Activity » Please give back only the lines below from the one containing "Proof. by apply/allP" to the one containing "have := red u", each repeated word for word, both ends included.

··· Record extracts

Lemma normaliser_centralises sigma g : is_sigmaJ m J sigma -> inG m g ->
    (forall h, inGJ m J h <->
       exists h', inGJ m J h' /\ h = g *m h' *m invmx g) ->
  g *m sigma = sigma *m g.
Proof.
move=> sigmaJ [w [_ ->]]; rewrite -/(prod_refl w) invmx_prod_refl => norm_w.
have [h' [h'J sigmaE]] := (norm_w sigma).1 sigmaJ.1.
have VJ_stable v : in_VJ J v -> in_VJ J (v *m prod_refl w).
  move=> vJ; apply: (inGJ_neg_VJ h'J).
  have <- : v *m sigma *m prod_refl w = v *m prod_refl w *m h'.
    by rewrite sigmaE !mulmxA -mulmxA prod_refl_revK mulmx1.
  by rewrite sigmaJ.2 // mulNmx.
pose tau := prod_refl w *m sigma *m prod_refl (rev w).
have tauJ : is_sigmaJ m J tau.
  split; first by apply/norm_w; exists sigma; split => //; exact: sigmaJ.1.
  move=> v vJ; rewrite !mulmxA (sigmaJ.2 _ (VJ_stable _ vJ)) mulNmx.
  by rewrite -mulmxA prod_refl_Krev mulmx1.
by rewrite {2}(sigmaJ_unique sigmaJ tauJ) /tau -mulmxA prod_refl_revK mulmx1.
Qed.

End Parabolic.

Fixpoint alt a b j : seq 'I_n := if j is j'.+1 then a :: alt b a j' else [::].

Lemma size_alt a b j : size (alt a b j) = j.
Proof. by elim: j a b => //= j IH a b; rewrite IH. Qed.

Lemma alt_in a b j : all [in [set a; b]] (alt a b j).
Proof. by elim: j a b => //= j IH a b; rewrite !inE eqxx /= setUC IH. Qed.

Lemma alt_cat a b i j :
  alt a b (i + j) = alt a b i ++ (if odd i then alt b a j else alt a b j).
Proof. by elim: i a b => //= i IH a b; rewrite IH; case: (odd i). Qed.

Lemma alt_rcons a b j : alt a b j.+1 = rcons (alt a b j) (if odd j then b else a).
Proof. by rewrite -addn1 alt_cat -cats1; case: (odd j). Qed.

Section Dihedral.
Variables a b : 'I_n.
Hypothesis hab : a != b.
Local Notation th := (pi / (m a b)%:R : R).

(* r_a and r_b act on span(e_a, e_b) with off-diagonal entries 2 cos th, so
   the coordinates follow the recurrence of [sin_natSS]. *)
Lemma alt_root j : sin th *: (e a *m prod_refl (alt b a j)) =
  sin (j.+1%:R * th) *: (if odd j then e b else e a) +
  sin (j%:R * th) *: (if odd j then e a else e b).
Proof.
elim: j => [|j IH].
  by rewrite /= prod_refl_nil mulmx1 mul1r mul0r sin0 scale0r addr0.
rewrite alt_rcons prod_refl_rcons mulmxA scalemxAl IH mulmxDl -!scalemxAl sin_natSS /=.
case: (odd j) => /=; rewrite refl_e root_e_refl ?(coxm_sym b a);
  by apply/rowP => i; rewrite !mxE; ring.
Qed.

Lemma alt_root_nonneg k : (k < m a b)%N -> exists al be,
  [/\ 0 <= al, 0 <= be & e a *m prod_refl (alt b a k) = al *: e a + be *: e b].
Proof.
move=> km; have mab := coxm_ge2 hab.
have sth := sin_pi_div_gt0 R mab.
have s1 := sin_natr_mul_pi_div_ge0 R mab km.
have s0 := sin_natr_mul_pi_div_ge0 R mab (ltnW km).
exists ((if odd k then sin (k%:R * th) else sin (k.+1%:R * th)) / sin th).
exists ((if odd k then sin (k.+1%:R * th) else sin (k%:R * th)) / sin th).
split; try by case: (odd k); rewrite divr_ge0 // ltW.
apply: (scalerI (lt0r_neq0 sth)); rewrite alt_root.
by case: (odd k); apply/rowP => i; rewrite !mxE; field; apply: lt0r_neq0.
Qed.

Lemma braid_root :
  e a *m prod_refl (alt a b (m a b)) = e a *m prod_refl (alt b a (m a b)).
Proof.
have mab := coxm_ge2 hab.
have [k Ek] : exists k, m a b = k.+1 by exists (m a b).-1; rewrite prednK // ltnW.
have kth : k.+1%:R * th = pi by rewrite -Ek natr_mul_pi_div.
move: kth (alt_root k) (alt_root k.+1); set t := th => kth h1 h2.
have s0 : sin (k%:R * t) = sin t.
  have -> : k%:R * t = pi - t by rewrite -kth -natr1 mulrDl mul1r addrK.
  by rewrite sinB sinpi cospi; ring.
have s2 : sin (k.+2%:R * t) = - sin t.
  have -> : k.+2%:R * t = pi + t by rewrite -kth -natr1 mulrDl mul1r.
  by rewrite sinD sinpi cospi; ring.
rewrite kth sinpi s0 in h1; rewrite s2 kth sinpi in h2.
rewrite Ek /= prod_refl_cons mulmxA refl_e mulNmx.
apply: (scalerI (lt0r_neq0 (sin_pi_div_gt0 R mab))); rewrite scalerN h1 h2 /=.
by case: (odd k); apply/rowP => i; rewrite !mxE; ring.
Qed.

End Dihedral.

(* The B-orthogonal of span(e_a, e_b) is a complement, since the Gram
   determinant of e_a, e_b is sin^2 (pi / m_ab) > 0; the reflections r_a, r_b
   fix it pointwise. *)
Lemma prod_refl_pair_eq a b w1 w2 : a != b ->
    all [in [set a; b]] w1 -> all [in [set a; b]] w2 ->
    e a *m prod_refl w1 = e a *m prod_refl w2 ->
    e b *m prod_refl w1 = e b *m prod_refl w2 ->
  prod_refl w1 = prod_refl w2.
Proof.
move=> hab w1ab w2ab eaE ebE; apply/eqP/mulmxP => v.
pose c : R := cos (pi / (m a b)%:R).
have hc : 1 - c ^+ 2 != 0.
  by rewrite -sin2cos2 expf_neq0 // lt0r_neq0 // sin_pi_div_gt0 // coxm_ge2.
pose x := (bform v (e a) + c * bform v (e b)) / (1 - c ^+ 2).
pose y := (bform v (e b) + c * bform v (e a)) / (1 - c ^+ 2).
pose q := v - x *: e a - y *: e b.
have vE : v = x *: e a + y *: e b + q by rewrite /q; apply/rowP => i; rewrite !mxE; ring.
have q_perp z : z \in [set a; b] -> bform q (e z) = 0.
  rewrite /q !inE => /orP[] /eqP ->; rewrite !bformBl !bformZl !bform_ee !coxB_diag mxE;
    by rewrite ?(coxm_sym b a) /x /y -/c; field.
have q_fix w : all [in [set a; b]] w -> q *m prod_refl w = q.
  by move=> wab; apply: inGJ_fix q_perp; exists w.
clearbody x y q.
by rewrite vE !mulmxDl -!scalemxAl eaE ebE !q_fix.
Qed.

Lemma braid a b : a != b -> prod_refl (alt a b (m a b)) = prod_refl (alt b a (m a b)).
Proof.
move=> hab; have hba : b != a by rewrite eq_sym.
apply: prod_refl_pair_eq hab (alt_in _ _ _) _ (braid_root hab) _.
  by rewrite setUC alt_in.
by rewrite coxm_sym (braid_root hba).
Qed.

Definition reduced_in I w := forall w', all [in I] w' ->
  prod_refl w' = prod_refl w -> (size w <= size w')%N.
Definition left_ascent_in I s w := forall w', all [in I] w' ->
  prod_refl w' = r s *m prod_refl w -> (size w <= size w')%N.
Local Notation reduced := (reduced_in [set: 'I_n]).
Local Notation left_ascent := (left_ascent_in [set: 'I_n]).

Lemma all_setT w : all [in [set: 'I_n]] w.
Proof. by apply/allP => s; rewrite in_setT. Qed.

Lemma exists_reduced w : exists w', prod_refl w' = prod_refl w /\ reduced w'.
Proof.
have [k [[w' [Pw' <-]] kmin]] : exists k,
    (exists w', prod_refl w' = prod_refl w /\ size w' = k) /\
    forall i, (exists w', prod_refl w' = prod_refl w /\ size w' = i) -> (k <= i)%N.
  by apply: (exists_minimal (k := size w)); exists w.
by exists w'; split => // w'' _ Pw''; apply: kmin; exists w''; rewrite Pw''.
Qed.

Lemma reduced_cat_r u x : reduced (u ++ x) -> reduced x.
Proof.
move=> red x' _ Px'; have := red (u ++ x') (all_setT _).
by rewrite !prod_refl_cat Px' !size_cat leq_add2l; apply.
Qed.

Lemma reduced_cat_l I u x : reduced (u ++ x) -> reduced_in I u.
Proof.
move=> red u' _ Pu'; have := red (u' ++ x) (all_setT _).
by rewrite !prod_refl_cat Pu' !size_cat leq_add2r; apply.
Qed.

Lemma left_ascent_cat_l I s u x : left_ascent s (u ++ x) -> left_ascent_in I s u.
Proof.
move=> asc u' _ Pu'; have := asc (u' ++ x) (all_setT _).
by rewrite !prod_refl_cat Pu' -mulmxA !size_cat leq_add2r; apply.
Qed.

Lemma reduced_alt t s u : all [in [set t; s]] (t :: u) ->
  reduced_in [set t; s] (t :: u) -> t :: u = alt t s (size u).+1.
Proof.
elim: u t s => [|y u IH] t s //= /and3P [_ yts uts] red.
move: yts; rewrite !inE => /orP[] /eqP Ey; subst y.
  have := red u uts; rewrite prod_refl_cons prod_refl_consK => /(_ erefl).
  by rewrite /= ltnNge leqnSn.
have sts : all [in [set s; t]] (s :: u) by rewrite /= !inE eqxx setUC uts.
rewrite (IH s t) // => w' w'st Pw'.
have := red (t :: w'); rewrite /= !inE eqxx setUC w'st ltnS; apply=> //.
by rewrite !prod_refl_cons Pw' prod_refl_cons.
Qed.

Lemma alt_long_not_ascent a b k : a != b -> (m a b <= k)%N ->
  ~ left_ascent_in [set a; b] a (alt b a k).
Proof.
move=> hab mk asc; have hba : b != a by rewrite eq_sym.
have [k' Ek'] : exists k', m a b = k'.+1.
  by exists (m a b).-1; rewrite prednK // ltnW // coxm_ge2.
pose rest := if odd (m a b) then alt a b (k - m a b) else alt b a (k - m a b).
have rest_ab : all [in [set a; b]] rest.
  by rewrite /rest; case: ifP => _; rewrite ?alt_in // setUC alt_in.
have size_rest : size rest = (k - m a b)%N.
  by rewrite /rest; case: ifP => _; rewrite size_alt.
have alt_ab : prod_refl (alt b a (m a b)) = r a *m prod_refl (alt b a k').
  by rewrite [in LHS]coxm_sym braid // coxm_sym Ek' /= prod_refl_cons.
have w_ab : all [in [set a; b]] (alt b a k' ++ rest).
  by rewrite all_cat rest_ab andbT setUC alt_in.
have Pw : prod_refl (alt b a k' ++ rest) = r a *m prod_refl (alt b a k).
  rewrite -(subnKC mk) alt_cat -/rest !prod_refl_cat alt_ab.
  by rewrite !mulmxA refl_invol mul1mx.
by move: Ek' mk (asc _ w_ab Pw); rewrite size_cat !size_alt size_rest; lia.
Qed.

Lemma dihedral_root s t u : s != t -> all [in [set s; t]] u ->
    reduced_in [set s; t] u -> left_ascent_in [set s; t] s u ->
  exists al be, [/\ 0 <= al, 0 <= be & e s *m prod_refl u = al *: e s + be *: e t].
Proof.
move=> hst ust red asc; case: u ust red asc => [|x u] ust red asc.
  by exists 1, 0; rewrite prod_refl_nil mulmx1 scale1r scale0r addr0 ler01 lexx.
case/andP: (ust) => + ust'; rewrite !inE => /orP[] /eqP Ex; subst x.
  by have := asc u ust' (esym (prod_refl_consK _ _)); rewrite /= ltnn.
have Eu : t :: u = alt t s (size u).+1.
  by apply: reduced_alt; rewrite setUC.
rewrite Eu; case: (ltnP (size u).+1 (m s t)) => [lt | ge]; first exact: alt_root_nonneg.
by case: (alt_long_not_ascent hst ge); rewrite -Eu.
Qed.

(* Take x of minimal length among the factorisations w = u x with u a word
   in I: a shorter word for y x would give a shorter such x. *)
Lemma parabolic_factor I w u0 x0 : reduced w -> all [in I] u0 ->
    prod_refl (u0 ++ x0) = prod_refl w -> size (u0 ++ x0) = size w ->
  exists u x : seq 'I_n, [/\ all [in I] u, prod_refl (u ++ x) = prod_refl w,
    size (u ++ x) = size w, (size x <= size x0)%N &
    forall y, y \in I -> left_ascent y x].
Proof.
move=> red u0I Pw0 Sw0.
pose F k := exists u x : seq 'I_n, [/\ all [in I] u, prod_refl (u ++ x) = prod_refl w,
  size (u ++ x) = size w & size x = k].
have [k [[u [x [uI Pw Sw Sx]]] kmin]] : exists k, F k /\ forall i, F i -> (k <= i)%N.
  by apply: (exists_minimal (k := size x0)); exists u0, x0.
subst k; exists u, x; split => //; first by apply: kmin; exists u0, x0.
move=> y yI x' _ Px'; rewrite leqNgt; apply/negP => short.
have Pw' : prod_refl (rcons u y ++ x') = prod_refl w.
  rewrite prod_refl_cat prod_refl_rcons -mulmxA Px' (mulmxA (r y)) refl_invol mul1mx.
  by rewrite -prod_refl_cat.
have := red _ (all_setT _) Pw'; rewrite !size_cat size_rcons => long.
suff /kmin : F (size x') by rewrite leqNgt short.
exists (rcons u y), x'; split => //; first by rewrite all_rcons yI.
by move: Sw long short; rewrite !size_cat size_rcons; lia.
Qed.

······

Exercise solution »
Proof. by apply/allP => s; rewrite in_setT. Qed.

Lemma exists_reduced w : exists w', prod_refl w' = prod_refl w /\ reduced w'.
Proof.
have [k [[w' [Pw' <-]] kmin]] : exists k,
    (exists w', prod_refl w' = prod_refl w /\ size w' = k) /\
    forall i, (exists w', prod_refl w' = prod_refl w /\ size w' = i) -> (k <= i)%N.
  by apply: (exists_minimal (k := size w)); exists w.
by exists w'; split => // w'' _ Pw''; apply: kmin; exists w''; rewrite Pw''.
Qed.

Lemma reduced_cat_r u x : reduced (u ++ x) -> reduced x.
Proof.
move=> red x' _ Px'; have := red (u ++ x') (all_setT _).
by rewrite !prod_refl_cat Px' !size_cat leq_add2l; apply.
Qed.

Lemma reduced_cat_l I u x : reduced (u ++ x) -> reduced_in I u.
Proof.
move=> red u' _ Pu'; have := red (u' ++ x) (all_setT _).
by rewrite !prod_refl_cat Pu' !size_cat leq_add2r; apply.
Qed.

Lemma left_ascent_cat_l I s u x : left_ascent s (u ++ x) -> left_ascent_in I s u.
Proof.
move=> asc u' _ Pu'; have := asc (u' ++ x) (all_setT _).
by rewrite !prod_refl_cat Pu' -mulmxA !size_cat leq_add2r; apply.
Qed.

Lemma reduced_alt t s u : all [in [set t; s]] (t :: u) ->
  reduced_in [set t; s] (t :: u) -> t :: u = alt t s (size u).+1.
Proof.
elim: u t s => [|y u IH] t s //= /and3P [_ yts uts] red.
move: yts; rewrite !inE => /orP[] /eqP Ey; subst y.
  have := red u uts; rewrite prod_refl_cons prod_refl_consK => /(_ erefl).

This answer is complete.